Top of Input data
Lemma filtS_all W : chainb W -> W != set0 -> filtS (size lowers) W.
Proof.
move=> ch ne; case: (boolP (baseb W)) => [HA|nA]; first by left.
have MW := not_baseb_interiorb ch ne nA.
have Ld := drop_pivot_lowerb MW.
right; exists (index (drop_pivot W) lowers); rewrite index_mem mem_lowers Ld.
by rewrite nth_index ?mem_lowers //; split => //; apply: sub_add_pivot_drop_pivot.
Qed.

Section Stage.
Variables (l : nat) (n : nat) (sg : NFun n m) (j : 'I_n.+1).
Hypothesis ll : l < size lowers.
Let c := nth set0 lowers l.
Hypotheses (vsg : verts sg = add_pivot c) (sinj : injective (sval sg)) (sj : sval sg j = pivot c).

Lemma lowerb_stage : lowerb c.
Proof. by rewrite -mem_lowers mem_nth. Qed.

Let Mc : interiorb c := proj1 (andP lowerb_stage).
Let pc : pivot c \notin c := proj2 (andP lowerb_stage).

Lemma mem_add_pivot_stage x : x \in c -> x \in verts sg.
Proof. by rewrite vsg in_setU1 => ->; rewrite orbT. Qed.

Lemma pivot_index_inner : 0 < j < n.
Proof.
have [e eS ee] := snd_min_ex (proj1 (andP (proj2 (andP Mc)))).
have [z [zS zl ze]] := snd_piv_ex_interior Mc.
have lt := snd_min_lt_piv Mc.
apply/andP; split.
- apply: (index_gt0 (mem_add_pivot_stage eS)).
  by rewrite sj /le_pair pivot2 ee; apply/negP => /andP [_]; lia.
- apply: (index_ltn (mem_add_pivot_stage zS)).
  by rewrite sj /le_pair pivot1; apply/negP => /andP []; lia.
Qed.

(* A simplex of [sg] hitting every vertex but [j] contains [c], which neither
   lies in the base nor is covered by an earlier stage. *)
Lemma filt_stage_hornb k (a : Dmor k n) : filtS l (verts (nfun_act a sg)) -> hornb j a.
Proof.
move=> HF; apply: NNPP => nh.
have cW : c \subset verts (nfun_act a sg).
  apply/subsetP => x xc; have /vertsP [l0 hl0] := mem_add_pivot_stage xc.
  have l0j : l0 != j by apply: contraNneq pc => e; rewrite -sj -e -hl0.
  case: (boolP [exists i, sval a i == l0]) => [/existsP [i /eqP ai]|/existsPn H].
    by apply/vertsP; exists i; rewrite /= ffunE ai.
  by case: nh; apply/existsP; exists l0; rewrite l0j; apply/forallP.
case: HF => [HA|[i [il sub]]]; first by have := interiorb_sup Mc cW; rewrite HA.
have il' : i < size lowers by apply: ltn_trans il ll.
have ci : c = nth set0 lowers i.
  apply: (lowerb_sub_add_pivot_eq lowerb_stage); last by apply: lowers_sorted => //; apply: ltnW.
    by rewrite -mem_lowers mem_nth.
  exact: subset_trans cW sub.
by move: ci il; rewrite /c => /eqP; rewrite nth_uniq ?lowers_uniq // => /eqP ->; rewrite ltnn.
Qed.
Bottom of Input data
> [Action item] Up to and including the line with "lies in the", output every line of the records above exactly, starting from the first; output nothing else.

> [Exercise result]
Lemma filtS_all W : chainb W -> W != set0 -> filtS (size lowers) W.
Proof.
move=> ch ne; case: (boolP (baseb W)) => [HA|nA]; first by left.
have MW := not_baseb_interiorb ch ne nA.
have Ld := drop_pivot_lowerb MW.
right; exists (index (drop_pivot W) lowers); rewrite index_mem mem_lowers Ld.
by rewrite nth_index ?mem_lowers //; split => //; apply: sub_add_pivot_drop_pivot.
Qed.

Section Stage.
Variables (l : nat) (n : nat) (sg : NFun n m) (j : 'I_n.+1).
Hypothesis ll : l < size lowers.
Let c := nth set0 lowers l.
Hypotheses (vsg : verts sg = add_pivot c) (sinj : injective (sval sg)) (sj : sval sg j = pivot c).

Lemma lowerb_stage : lowerb c.
Proof. by rewrite -mem_lowers mem_nth. Qed.

Let Mc : interiorb c := proj1 (andP lowerb_stage).
Let pc : pivot c \notin c := proj2 (andP lowerb_stage).

Lemma mem_add_pivot_stage x : x \in c -> x \in verts sg.
Proof. by rewrite vsg in_setU1 => ->; rewrite orbT. Qed.

Lemma pivot_index_inner : 0 < j < n.
Proof.
have [e eS ee] := snd_min_ex (proj1 (andP (proj2 (andP Mc)))).
have [z [zS zl ze]] := snd_piv_ex_interior Mc.
have lt := snd_min_lt_piv Mc.
apply/andP; split.
- apply: (index_gt0 (mem_add_pivot_stage eS)).
  by rewrite sj /le_pair pivot2 ee; apply/negP => /andP [_]; lia.
- apply: (index_ltn (mem_add_pivot_stage zS)).
  by rewrite sj /le_pair pivot1; apply/negP => /andP []; lia.
Qed.

(* A simplex of [sg] hitting every vertex but [j] contains [c], which neither
   lies in the base nor is covered by an earlier stage. *)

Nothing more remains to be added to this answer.